Yueyang returned to Dragon Rise Continent and made his way to the location Grandma Sha had described — and his face fell the moment he arrived.
The world had moved on without him.
Tens of thousands of years had passed. The place where the ancient runes had once been hidden bore no resemblance whatsoever to Grandma Sha’s memories. What had once been a fragrant valley alive with birdsong was now buried under the weight of history entirely — and rising from where it had stood was a mountain two thousand meters tall. After a thorough survey, Yueyang arrived at his conclusion: the ancient runes were buried under at least a thousand meters of solid earth.
Without digging a tunnel down to them, no amount of perception, however powerful, would be of any use through that much rock and soil.

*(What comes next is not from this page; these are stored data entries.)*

(* Let $T$ be a complete theory with monster model $\mathcal{U}$, $A\subseteq\mathcal{U}$ small, $\mu\in\mathfrak{M}_x(\mathcal{U})$, and $\nu_1,\nu_2\in\mathfrak{M}_y(\mathcal{U})$ with $\operatorname{supp}(\nu_1)\cap\operatorname{supp}(\nu_2)=\emptyset$. Suppose $\mu\blacktriangleright_A\nu_1$ and $\mu\blacktriangleright_A\nu_2$. Then there exists a finite tuple $b$ from $\mathcal{U}$ such that for all $r,s\in[0,1]$ with $r+s=1$, $\mu\blacktriangleright_{Ab}r\nu_1+s\nu_2$.
   Context: For $C\subseteq\mathcal{U}$, $\mathcal{L}_x(C)$ is the Boolean algebra of formulas in $x$ with parameters from $C$ modulo $T$, embedded in $\mathcal{L}_{xy}(C)$ via $\varphi(x)\mapsto\varphi(x)\wedge y=y$; $\mathfrak{M}_x(C)$ is the set of finitely additive probability measures on $\mathcal{L}_x(C)$. For $\omega\in\mathfrak{M}_{xy}(C)$, $\pi_x(\omega)(\varphi(x))=\omega(\varphi(x)\wedge y=y)$ (similarly $\pi_y$); $\omega|_D$ is restriction. The support $\operatorname{supp}(\nu)$ of $\nu\in\mathfrak{M}_y(\mathcal{U})$ is the set of $q\in S_y(\mathcal{U})$ such that $\nu(\psi)>0$ for every $\psi\in q$. $\mathfrak{M}^{\mathrm{Am}}_{xy}(C)$ is the set of $\lambda\in\mathfrak{M}_{xy}(C)$ with $\lambda(\varphi(x)\wedge\psi(y))=\pi_x(\lambda)(\varphi(x))\pi_y(\lambda)(\psi(y))$ for all $\varphi(x)\in\mathcal{L}_x(C),\psi(y)\in\mathcal{L}_y(C)$. For $\lambda\in\mathfrak{M}^{\mathrm{Am}}_{xy}(C)$ with $\pi_x(\lambda)=\mu|_C$: $\operatorname{Amal}(\lambda,\mu)=\{\omega\in\mathfrak{M}^{\mathrm{Am}}_{xy}(\mathcal{U}):\omega|_C=\lambda,\pi_x(\omega)=\mu\}$. $\mu\blacktriangleright_C\nu$ means there is $\lambda\in\mathfrak{M}_{xy}(C)$ with $\pi_x(\lambda)=\mu|_C$, $\operatorname{Amal}(\lambda,\mu)\neq\emptyset$, and $\pi_y(\omega)=\nu$ for every $\omega\in\operatorname{Amal}(\lambda,\mu)$. $Ab$ denotes $A$ together with the entries of $b$. *)

From Stdlib Require Import Reals List.
From mathcomp Require Import ssreflect ssrfun ssrbool eqtype ssrnat fintype.
(* Let $A=\bigoplus_{j=1}^K C(\mathbb T)\otimes M_{n_j}$ and $B=\bigoplus_{i=1}^L C(\mathbb T)\otimes M_{\ell_i}$, and let $\varphi:A\to B$ be a $*$-homomorphism of Type A with multiplicity constants $(a_{i,j})$. Then $\varphi$ is homotopic to a $*$-homomorphism $\psi:A\to B$ of Type B with the same multiplicity constants $(a_{i,j})$.
   Context: Identify $C(\mathbb T)$ with $\{f\in C([0,1]):f(0)=f(1)\}$ via $t\mapsto e^{2\pi i t}$; thus elements of $C(\mathbb T)\otimes M_n$ are continuous $f:[0,1]\to M_n$ with $f(0)=f(1)$, and for $z\in\mathbb T$, $f(z)\in M_n$ denotes the value at the point $z$. $\Sigma_a$ is the symmetric group; for $\sigma\in\Sigma_a$, $v_\sigma\in\mathcal U_a$ is the permutation matrix with $v_\sigma\,\mathrm{diag}(x_1,\dots,x_a)\,v_\sigma^*=\mathrm{diag}(x_{\sigma^{-1}(1)},\dots,x_{\sigma^{-1}(a)})$. Elementary Type A maps: a $*$-homomorphism $\varphi:C(\mathbb T)\otimes M_n\to C(\mathbb T)\otimes M_\ell$ is of Type A if there is a data tuple $(a,\sigma,\lambda_1,\dots,\lambda_a,w)$ with $a\in\mathbb N_0$, $na\le\ell$, $\sigma\in\Sigma_a$, continuous $\lambda_p:[0,1]\to\mathbb T$ with $\lambda_{\sigma(p)}(0)=\lambda_p(1)$ for all $p$, and a continuous path $w:[0,1]\to\mathcal U_a$ with $w(0)=I_a$, $w(1)=v_\sigma$, such that, with $u(t)=\mathrm{diag}(w(t)\otimes I_n,I_{\ell-na})$, $\varphi(f)(t)=u(t)\,\mathrm{diag}(f(\lambda_1(t)),\dots,f(\lambda_a(t)),0_{\ell-na})\,u(t)^*$ for $t\in[0,1]$. The number $a$ is the multiplicity. It is of Type B if moreover $\sigma$ is the identity permutation; of Type C if it is of Type B and $w\equiv I_a$; of Type D if it is of Type C and $\lambda_p(0)=\lambda_p(1)=1$ for every $p$. General case: for $A,B$ as in the claim, $\varphi:A\to B$ is of Type A if $\varphi=(\varphi_1,\dots,\varphi_L)$ with $\varphi_i(g_1,\dots,g_K)=\mathrm{diag}(\varphi_{i,1}(g_1),\dots,\varphi_{i,K}(g_K),0,\dots,0)$, where each $\varphi_{i,j}:C(\mathbb T)\otimes M_{n_j}\to C(\mathbb T)\otimes M_{a_{i,j}n_j}$ is an elementary Type A map of multiplicity $a_{i,j}$ and $\sum_j a_{i,j}n_j\le\ell_i$; the $a_{i,j}$ are the multiplicity constants. $\varphi$ is of Type B (resp. C, D) if every $\varphi_{i,j}$ is. Two $*$-homomorphisms $\varphi_0,\varphi_1:A\to B$ are homotopic if there is a family $(\varphi_s)_{s\in[0,1]}$ of $*$-homomorphisms $A\to B$ with $s\mapsto\varphi_s(x)$ norm continuous for every $x\in A$. *)

From HB Require Import structures.
From mathcomp Require Import all_boot all_order all_algebra all_fingroup.
From mathcomp Require Import complex mxtens.
From mathcomp Require Import all_classical all_reals all_analysis.
Set Implicit Arguments. Unset Strict Implicit. Unset Printing Implicit Defensive.
Import Order.TTheory GRing.Theory Num.Theory.
Local Open Scope ring_scope.
Local Open Scope classical_set_scope.

Section Defs.
Variable R : realType.

Definition cabs (z : R[i]) : R := Normc.normc z.

Definition in01 (t : R) : Prop := 0 <= t <= 1.

Definition adjmx m n (M : 'M[R[i]]_(m, n)) : 'M[R[i]]_(n, m) := (map_mx conjc M)^T.

Definition unitarymx a (M : 'M[R[i]]_a) : Prop :=
  M *m adjmx M = 1%:M /\ adjmx M *m M = 1%:M.

Definition cont01C (f : R -> R[i]) : Prop :=
  forall t0, in01 t0 -> forall e : R, 0 < e -> exists2 d : R, 0 < d &
    forall t, in01 t -> `|t - t0| < d -> cabs (f t - f t0) < e.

He headed back to the Great Xia Empire and found Jun Wuyou.
“Consider it done — Dragon Rise Continent has a shortage of many things, but manpower isn’t one of them,” Jun Wuyou said with a broad, easy smile, waving off any concern. “Even if you don’t want to make a big production of it, I know a few old fellows who never made much of a name for themselves in cultivation but have very particular skills. One of them has a war beast — a Boring Mountain Earthworm. Digging a tunnel several thousand meters deep at the location you specify would be no trouble at all, just a matter of time. Going by the pace he dug the underground passages beneath the imperial palace back in the day, a month should be more than enough.”

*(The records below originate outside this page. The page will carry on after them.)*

Lemma phi_act_min x : xset X x ->
  exists g0, gset G g0 /\ forall g, gset G g -> ole (phi_act g0 x) (phi_act g x).
Proof.
move=> hx; have [hGdef [hGcl [lo [hi hGb]]]] := hGc.
have hle := definable_phi_act_rel (R := @ole F) ltac:(definable_tac idtac).
have [|||||||g0 hg0] := nested_closed_inter hdc
  (T := fun t => exists g, phi_act_rel (@ole F) g x t)
  (E := fun t g => phi_act_rel (@ole F) g x t) (lo := lo) (hi := hi).
- apply: (@definable_fix_r _ _ _ _ (fun (u : pt F 1) x => exists g, phi_act_rel (@ole F) g x (u ord0))).
  definable_tac ltac:(definable_atom hle).
- apply: (@definable_fix_r _ _ _ _ (fun (w : pt F (1 + m)) x =>
    phi_act_rel (@ole F) (rsub w) x (lsub w ord0))).
  definable_tac ltac:(definable_atom hle).
- move=> t; have := closed_sublevel (t := t) hGcl (continuous_phi_act (continuous_id (A := gset G))
    (continuous_const (c := x)) (fun g hg => conj hg hx)).
  by apply: closed_ext => g; rewrite /phi_act_rel; tauto.
- by move=> t g [hg _]; exact: hGb.
- move=> t t' _ _ htt g [hg [_ hle']]; do 2 split => //; exact: ole_trans hle' htt.
- by [].
- by exists (phi_act (gone G) x), (gone G); split; [exact: g_one|split=> //; exact: ole_refl].
have min_at g : gset G g -> phi_act_rel (@ole F) g0 x (phi_act g x).
  by move=> hg; apply: hg0; exists g; do 2 split => //; exact: ole_refl.
exists g0; split=> [|g /min_at [_ [_ //]]].
by have [] := min_at _ (@g_one _ _ _ G).
Qed.

Lemma closed_orbit_sublevel a : closed_set (fun y : pt F n => exists g, phi_act_rel (@ole F) g y a).
Proof.
have [hGdef [hGcl [lo [hi hGb]]]] := hGc.
have hle := definable_phi_act_rel (R := @ole F) ltac:(definable_tac idtac).
set C := fun w : pt F (n + m) => phi_act_rel (@ole F) (rsub w) (lsub w) a.
have hC : def C.
  apply: (@definable_fix_r _ _ _ _ (fun (w : pt F (n + m)) (c : pt F 1) =>
    phi_act_rel (@ole F) (rsub w) (lsub w) (c ord0)) (fun _ => a)).
  definable_tac ltac:(definable_atom hle).
have hcl : closed_set C.
  have := closed_sublevel (t := a) (closed_and (closed_rsub hGcl) (closed_lsub hXc))
    (continuous_phi_act (continuous_rsub (A := fun w : pt F (n + m) => gset G (rsub w) /\ xset X (lsub w)))
      (continuous_lsub (A := fun w : pt F (n + m) => gset G (rsub w) /\ xset X (lsub w))) (fun w hw => hw)).
  by apply: closed_ext => w; rewrite /C /phi_act_rel; tauto.
apply: closed_ext (closed_proj hdc hC hcl (fun w hw => hGb _ hw.1)) => y.
by split; case=> g H; exists g; move: H; rewrite /C ?lsub_vcat ?rsub_vcat.
Qed.

(* A chosen minimizer [g_x]; [epsilon] needs no existence proof to be defined,
   so [Phi] does not depend on the hypotheses. *)
Definition argmin x := epsilon (inhabits (gone G))
  (fun g0 => gset G g0 /\ forall g, gset G g -> ole (phi_act g0 x) (phi_act g x)).
Definition Phi x := phi_act (argmin x) x.

Lemma argmin_spec x : xset X x ->
  gset G (argmin x) /\ forall g, gset G g -> ole (Phi x) (phi_act g x).
Proof. by move=> hx; exact: (epsilon_spec (inhabits (gone G)) _ (phi_act_min hx)). Qed.

Lemma Phi_is_inf x : xset X x ->
  is_inf (fun t => exists g, gset G g /\ t = phi (act X g x)) (Phi x).
Proof.
move=> /argmin_spec [hg hmin]; split=> [a [g [hg' ->]]|t]; first exact: hmin.
by apply; exists (argmin x).
Qed.

Lemma Phi_attained x : xset X x -> exists g, gset G g /\ Phi x = phi (act X g x).
Proof. by move=> /argmin_spec [hg _]; exists (argmin x). Qed.

(* [g_x g^-1] competes for [g x], and [g_(g x) g] competes for [x]. *)
Lemma Phi_act g x : gset G g -> xset X x -> Phi (act X g x) = Phi x.
Proof.
move=> hg hx; have hgx : xset X (act X g x) by apply: x_act.
have [hax hminx] := argmin_spec hx; have [hagx hmingx] := argmin_spec hgx.
apply: ole_anti.
  have := hmingx _ (g_mul hax (g_inv hg)).
  have e : gmul G (gmul G (argmin x) (ginv G g)) g = argmin x.
    by rewrite -g_mulA ?g_mulVl ?g_mul1r //; apply: g_inv.
  by rewrite /phi_act -x_actM ?e //; apply: g_mul => //; apply: g_inv.
by have := hminx _ (g_mul hagx hg); rewrite /phi_act x_actM.
Qed.

Lemma definable_Phi : dfun D (xset X) (to1 Phi).
Proof.
have hGdef : def (gset G) by case: hGc.
have hXdef : def (xset X) := x_def X.
have heq := definable_phi_act_rel (R := fun a b => b = a) ltac:(definable_tac idtac).
have hge := definable_phi_act_rel (R := fun a b => ole b a) ltac:(definable_tac idtac).
have hd : def (fun z : pt F (n + 1) => xset X (lsub z) /\
    (exists g, phi_act_rel (fun a b => b = a) g (lsub z) (rsub z ord0)) /\
    forall g, gset G g -> phi_act_rel (fun a b => ole b a) g (lsub z) (rsub z ord0)).
  by definable_tac ltac:(try definable_atom heq; try definable_atom hge;
    try definable_atom hXdef; try definable_atom hGdef).
apply: definable_ext hd => z; split.
  case=> hx [[g [hg [_ e]]] H]; split => // j; rewrite (ord1 j) /to1.
  have [hax hmin] := argmin_spec hx.
  apply: ole_anti; first by have [_ []] := H _ hax.
  by rewrite e; exact: hmin _ hg.
case=> hx H; have e : rsub z ord0 = Phi (lsub z) by exact: H.
have [hax hmin] := argmin_spec hx.
by split=> //; split=> [|g hg]; [exists (argmin (lsub z))|]; rewrite e; do 2 split => //; exact: hmin.
Qed.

“Perfect — if it only takes a month, I’ll have time to integrate the runes before heading back to tackle the Trial stages,” Yueyang said, unsurprised. He had known Jun Wuyou would have something.
“How has Qianqian been lately?” Jun Wuyou asked, in the tone of a man raising a completely unrelated topic.

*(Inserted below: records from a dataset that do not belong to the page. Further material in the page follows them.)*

(* Let $m\le k\le n$ be positive integers, $\mathbf a_1,\dots,\mathbf a_n\in\mathbb R^m$. For a multiset $\mathcal R$ with support in $[n]$ let $f(\mathcal R)=[\det(\sum_{i\in\mathcal R}\mathbf a_i\mathbf a_i^\top)]^{1/m}$ (sum with multiplicity), and let $w^*=\max\{[\det(\sum_{i\in[n]}x_i\mathbf a_i\mathbf a_i^\top)]^{1/m}:\sum_ix_i=k,\ \mathbf x\in\mathbb Z_+^n\}$ be the optimal value of the $D$-optimal design problem with repetitions. Let $\hat{\mathbf x}\in\mathbb Q_+^n$ be a rational optimal solution of the relaxation $\max\{[\det(\sum_{i\in[n]}x_i\mathbf a_i\mathbf a_i^\top)]^{1/m}:\sum_ix_i=k,\ \mathbf x\in\mathbb R_+^n\}$. Algorithm A outputs the random multiset $\mathcal S$ of $k$ independent draws from $[n]$, each equal to $i$ with probability $\hat x_i/k$. Algorithm B, for a positive integer $q$ with $q\hat x_i\in\mathbb Z_+$ for all $i$, forms a collection $\mathcal A_q$ of $qk$ distinct items of which exactly $q\hat x_i$ carry label $i$, chooses a uniformly random $k$-element subset of $\mathcal A_q$, and outputs the multiset $\mathcal S_q$ of labels of the chosen items. Then, for $\mathcal T\in\{\mathcal S,\mathcal S_q\}$: (i) $(\mathbb E[(f(\mathcal T))^m])^{1/m}\ge\frac1e w^*$; (ii) for any $\epsilon\in(0,1)$, if $k\ge\frac{m-1}{\epsilon}$, then $(\mathbb E[(f(\mathcal T))^m])^{1/m}\ge(1-\epsilon)w^*$.
   Context: $[n]=\{1,\dots,n\}$, $\mathbb Q_+$ the nonnegative rationals, $\mathbb Z_+$ the nonnegative integers, $\mathbb R_+$ the nonnegative reals. *)

From HB Require Import structures.
From mathcomp Require Import all_boot all_order all_algebra.
From mathcomp Require Import all_classical all_reals all_analysis.
Set Implicit Arguments. Unset Strict Implicit. Unset Printing Implicit Defensive.
Import Order.TTheory GRing.Theory Num.Theory.
Local Open Scope ring_scope.

Section Defs.
Variables (R : realType) (m n : nat) (a : 'I_n -> 'cV[R]_m).

Definition relobj (y : 'I_n -> R) : R :=
  powR (\det (\sum_(i < n) y i *: (a i *m (a i)^T))) (m%:R)^-1.

(* f(R) for a multiset R given as a sequence of labels (with multiplicity) *)
Definition fM (s : seq 'I_n) : R :=
  powR (\det (\sum_(i <- s) (a i *m (a i)^T))) (m%:R)^-1.

(* w* : max over x in Z_+^n with sum x_i = k (each x_i <= k, so x : 'I_n -> 'I_k.+1) *)
Definition wstar (k : nat) : R :=
  \big[Num.max/0]_(x : {ffun 'I_n -> 'I_k.+1} | (\sum_(i < n) (x i : nat) == k)%N)
     relobj (fun i => (x i : nat)%:R).

Definition relax_optimal (k : nat) (x : 'I_n -> R) : Prop :=
  (forall i, 0 <= x i) /\ \sum_(i < n) x i = k%:R /\
  forall y : 'I_n -> R, (forall i, 0 <= y i) -> \sum_(i < n) y i = k%:R ->
    relobj y <= relobj x.

(* Algorithm A: k independent draws, draw j equals i with prob. x_i / k;
   E[f(S)^m] *)
Definition EA (k : nat) (x : 'I_n -> R) : R :=
  \sum_(t : {ffun 'I_k -> 'I_n})
     (\prod_(j < k) (x (t j) / k%:R)) * (fM [seq t j | j <- enum 'I_k]) ^+ m.

(* Algorithm B: items 'I_(q*k) with labels lab; uniform random k-subset;
   E[f(S_q)^m] *)
Definition EB (k q : nat) (lab : 'I_(q * k) -> 'I_n) : R :=
  \sum_(S : {set 'I_(q * k)} | #|S| == k)
     ('C(q * k, k)%:R)^-1 * (fM [seq lab j | j <- enum S]) ^+ m.

End Defs.

(* Expanding det (sum_j w_j v_j v_j^T) multilinearly over m-tuples of indices,
   the terms of non-injective tuples vanish by alternation.  For both sampling
   schemes every injective m-tuple of draws behaves alike: for A it is again m
   independent draws from xhat/k, for B it is contained in C(qk-m, k-m) of the
   C(qk, k) equally likely samples.  Hence E[f(T)^m] = c * det (sum_i xhat_i a_i a_i^T)
   with c = k(k-1)...(k-m+1)/k^m for A and c = C(qk-m, k-m) q^m / C(qk, k) >= that
   for B.  Optimality of xhat for the relaxation bounds w* by the m-th root of the
   determinant, and k(k-1)...(k-m+1)/k^m = prod_(i<m) (1 - i/k) is at least
   m!/m^m >= e^-m, and at least (1 - eps)^m once k >= (m-1)/eps. *)

From HB Require Import structures.
From mathcomp Require Import all_boot all_order all_algebra.
From mathcomp Require Import all_classical all_reals all_analysis.
From mathcomp Require Import lra zify fingroup perm.
Import Order.TTheory GRing.Theory Num.Theory.
Local Open Scope ring_scope.

Section OuterProductDet.
Context {R : comPzRingType} {m : nat}.

Definition vecs_mx (u : 'I_m -> 'cV[R]_m) : 'M[R]_m := \matrix_(r, c) u r c 0.

Definition diag_det_term (u : 'I_m -> 'cV[R]_m) : R :=
  (\prod_(r < m) u r r 0) * \det (vecs_mx u).

Lemma sum_scale_outer_entry (J : finType) (w : J -> R) (v : J -> 'cV[R]_m) r c :
  (\sum_j w j *: (v j *m (v j)^T)) r c = \sum_j w j * (v j r 0 * v j c 0).
Proof. by rewrite summxE; apply: eq_bigr => j _; rewrite !mxE big_ord1 !mxE. Qed.

Lemma det_sum_scale_outer (J : finType) (w : J -> R) (v : J -> 'cV[R]_m) :
  \det (\sum_j w j *: (v j *m (v j)^T)) =
  \sum_(s : {ffun 'I_m -> J}) (\prod_(r < m) w (s r)) * diag_det_term (fun r => v (s r)).
Proof.
rewrite {1}/determinant.
under eq_bigr => p _.
  under eq_bigr => r _ do rewrite sum_scale_outer_entry.
  rewrite bigA_distr_bigA big_distrr /=.
  over.
rewrite exchange_big /=; apply: eq_bigr => s _.
rewrite /diag_det_term /determinant !big_distrr /=; apply: eq_bigr => p _.
rewrite !big_split /=.
under [X in _ = _ * (_ * (_ * X))]eq_bigr => r _ do rewrite mxE.
have reorder (x y z t : R) : x * (y * (z * t)) = y * (z * (x * t)).
  by rewrite mulrCA [x * (z * t)]mulrCA.
exact: reorder.
Qed.

Lemma diag_det_term_eq0 (u : 'I_m -> 'cV[R]_m) r1 r2 :
  r1 != r2 -> u r1 = u r2 -> diag_det_term u = 0.
Proof.
move=> neq_r equ; rewrite /diag_det_term (determinant_alternate neq_r) ?mulr0 // => c.
by rewrite !mxE equ.
Qed.

Lemma diag_det_term_comp_noninj {J : finType} (v : J -> 'cV[R]_m) (s : 'I_m -> J) :
  ~~ injectiveb s -> diag_det_term (fun r => v (s r)) = 0.
Proof.
move=> /injectivePn [r1 [r2 neq_r eq_s]].
by rewrite (diag_det_term_eq0 _ _ _ neq_r) //= eq_s.
Qed.

Lemma sum_diag_det_term_perm (u : 'I_m -> 'cV[R]_m) :
  \sum_(p : 'S_m) diag_det_term (fun r => u (p r)) = \det (vecs_mx u) ^+ 2.
Proof.
have termE (p : 'S_m) : diag_det_term (fun r => u (p r)) =
    ((-1) ^+ p * \prod_r (vecs_mx u)^T r (p r)) * \det (vecs_mx u).
  rewrite /diag_det_term.
  have -> : vecs_mx (fun r => u (p r)) = row_perm p (vecs_mx u).
    by apply/matrixP => i j; rewrite !mxE.
  rewrite row_permE det_mulmx det_perm.
  under eq_bigr => r _ do rewrite !mxE.
  by rewrite mulrA [_ * (-1) ^+ _]mulrC.
under eq_bigr => p _ do rewrite termE.
by rewrite -big_distrl /= -det_tr /determinant expr2.
Qed.

End OuterProductDet.

Lemma det_sum_scale_outer_ge0 (R : realDomainType) (m : nat) (J : finType)
    (w : J -> R) (v : J -> 'cV[R]_m) :
  (forall j, 0 <= w j) -> 0 <= \det (\sum_j w j *: (v j *m (v j)^T)).
Proof.
move=> w_ge0; set D := \det _.
have D_perm (p : 'S_m) : D = \sum_(s : {ffun 'I_m -> J})
    (\prod_(r < m) w (s r)) * diag_det_term (fun r => v (s (p r))).
  have comp_p_inj : injective (fun s : {ffun 'I_m -> J} => [ffun r => s (p r)]).
    move=> s1 s2 /ffunP eq_s; apply/ffunP => r.
    by have := eq_s (p^-1 r)%g; rewrite !ffunE permKV.
  rewrite /D det_sum_scale_outer (reindex_inj comp_p_inj) /=.
  apply: eq_bigr => s _; under eq_bigr => r _ do rewrite ffunE.
  congr (_ * _); first by rewrite [RHS](reindex_inj (@perm_inj _ p)).
  by congr diag_det_term; apply: funext => r; rewrite ffunE.
(* Averaging over the permutations of each index tuple turns every term into a square. *)
have : D *+ m`! = \sum_(s : {ffun 'I_m -> J})
    (\prod_(r < m) w (s r)) * \det (vecs_mx (fun r => v (s r))) ^+ 2.
  rewrite -card_Sn -sumr_const.
  under eq_bigr => p _ do rewrite (D_perm p).
  rewrite exchange_big /=; apply: eq_bigr => s _.
  by rewrite -big_distrr /= (@sum_diag_det_term_perm _ _ (fun r => v (s r))).
move/(congr1 (fun y => 0 <= y)); rewrite -mulr_natr pmulr_lge0 ?ltr0n ?fact_gt0 // => ->.
by apply: sumr_ge0 => s _; rewrite mulr_ge0 ?sqr_ge0 ?prodr_ge0.
Qed.

Section ProductWeights.
Context {R : comPzSemiRingType} {T : finType} {p : T -> R}.
Hypothesis p_sum1 : \sum_i p i = 1.

Lemma sum_indicator_mul (x0 : T) (F : T -> R) :
  \sum_x (x == x0)%:R * F x = F x0.
Proof.
rewrite (bigD1 x0) //= eqxx mul1r big1 ?addr0 // => x /negbTE ->.
by rewrite mul0r.
Qed.

Lemma sum_prod_weights_fiber {k m : nat} {sig : 'I_m -> 'I_k} (tau : 'I_m -> T) :
  injective sig ->
  \sum_(t : {ffun 'I_k -> T}) (\prod_(j < k) p (t j)) * \prod_(r < m) (t (sig r) == tau r)%:R
  = \prod_(r < m) p (tau r).
Proof.
move=> sig_inj.
have split_j t : (\prod_(j < k) p (t j)) * \prod_(r < m) (t (sig r) == tau r)%:R =
    \prod_(j < k) (p (t j) * \prod_(r < m | sig r == j) (t j == tau r)%:R).
  rewrite big_split /= (partition_big sig predT) //=; congr (_ * _).
  by apply: eq_bigr => j _; apply: eq_bigr => r /eqP <-.
under eq_bigr => t _ do rewrite split_j.
rewrite -(bigA_distr_bigA (fun j i => p i * \prod_(r < m | sig r == j) (i == tau r)%:R)).
rewrite [RHS](partition_big sig predT) //=; apply: eq_bigr => j _.
have [[r0 <-]|sig_not_j] := pselect (exists r0, sig r0 = j).
  have fiber1 : (fun r => predT r && (sig r == sig r0)) =1 pred1 r0.
    by move=> r /=; rewrite (inj_eq sig_inj).
  rewrite (big_pred1 r0 fiber1).
  under eq_bigr => i _ do rewrite (big_pred1 r0 fiber1) mulrC.
  exact: sum_indicator_mul.
have fiber0 : (fun r => predT r && (sig r == j)) =1 xpred0.
  by move=> r /=; apply/eqP => sig_r; apply: sig_not_j; exists r.
rewrite [RHS]big_pred0 // -[RHS]p_sum1; apply: eq_bigr => i _.
by rewrite big_pred0 ?mulr1.
Qed.

Lemma sum_prod_weights_comp_inj {k m : nat} {sig : 'I_m -> 'I_k}
    (F : {ffun 'I_m -> T} -> R) :
  injective sig ->
  \sum_(t : {ffun 'I_k -> T}) (\prod_(j < k) p (t j)) * F [ffun r => t (sig r)] =
  \sum_(tau : {ffun 'I_m -> T}) (\prod_(r < m) p (tau r)) * F tau.
Proof.
move=> sig_inj.
have F_indicator t : F [ffun r => t (sig r)] =
    \sum_(tau : {ffun 'I_m -> T}) (\prod_(r < m) (t (sig r) == tau r)%:R) * F tau.
  rewrite (bigD1 [ffun r => t (sig r)]) //= [X in _ + X]big1 ?addr0.
    by rewrite big1 ?mul1r // => r _; rewrite ffunE eqxx.
  move=> tau /eqP neq_tau.
  have [r neq_r] : exists r, t (sig r) != tau r.
    apply/existsP; rewrite -negb_forall; apply/negP => /forallP eq_r; apply: neq_tau.
    by apply/ffunP => r; rewrite ffunE (eqP (eq_r r)).
  by rewrite (bigD1 r) //= (negbTE neq_r) !mul0r.
under eq_bigr => t _ do rewrite F_indicator big_distrr /=.
rewrite exchange_big /=; apply: eq_bigr => tau _.
under eq_bigr => t _ do rewrite mulrA.
by rewrite -big_distrl /= sum_prod_weights_fiber.
Qed.

End ProductWeights.

Lemma card_supersets (T : finType) (A : {set T}) (k : nat) :
  (#|A| <= k <= #|T|)%N ->
  #|[set S : {set T} | A \subset S & #|S| == k]| = 'C(#|T| - #|A|, k - #|A|).
Proof.
move=> /andP[A_le_k k_le_T].
rewrite -(card_imset _ (@finset.setC_inj T)).
have cardC := cardsC A.
rewrite -[in RHS](bin_sub (_ : k - #|A| <= #|T| - #|A|)%N); last by lia.
have -> : (#|T| - #|A| = #|~: A|)%N by lia.
rewrite -cards_draws; apply: eq_card => B.
rewrite -{1}(finset.setCK B) mem_imset; last exact: finset.setC_inj.
rewrite !inE finset.subsetC; congr (_ && _).
have cardCB := cardsC B; apply/eqP/eqP; lia.
Qed.

Lemma prod_mem_natr (R : comPzSemiRingType) (I T : finType) (f : I -> T) (S : {set T}) :
  \prod_i (f i \in S)%:R = (f @: [set: I] \subset S)%:R :> R.
Proof.
case: (boolP (_ \subset S)) => [im_sub|/fintype.subsetPn [_ /imsetP [i _ ->] f_notin]].
  by rewrite big1 // => i _; rewrite (fintype.subsetP im_sub) // imset_f.
by rewrite (bigD1 i) //= (negbTE f_notin) mul0r.
Qed.

Lemma sum_draws_prod_mem_inj (R : comPzSemiRingType) (T : finType) (k m : nat)
    (rho : 'I_m -> T) :
  injective rho -> (m <= k <= #|T|)%N ->
  \sum_(S : {set T} | #|S| == k) \prod_(r < m) (rho r \in S)%:R =
  'C(#|T| - m, k - m)%:R :> R.
Proof.
move=> rho_inj k_range; under eq_bigr => S _ do rewrite prod_mem_natr.
set A := rho @: _; have card_A : #|A| = m by rewrite card_imset // cardsT card_ord.
rewrite (eq_bigr (fun S : {set T} => if A \subset S then 1 else 0 : R)) => [|S _];
  last by case: (A \subset S).
rewrite -big_mkcondr /= sumr_const -card_A -card_supersets ?card_A //.
by congr (_%:R); apply: eq_card => S; rewrite !inE andbC.
Qed.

“Enormous progress recently — she’s pushed past her previous limits and is working on fully integrating the Prison Emperor Divine Sword. She’s been so focused on cultivation that I’ve been getting shut out too,” Yueyang said, quickly aligning himself with his father-in-law’s position before the old man started feeling like his daughter was growing away from him.
“Good!” Jun Wuyou’s expression visibly relaxed.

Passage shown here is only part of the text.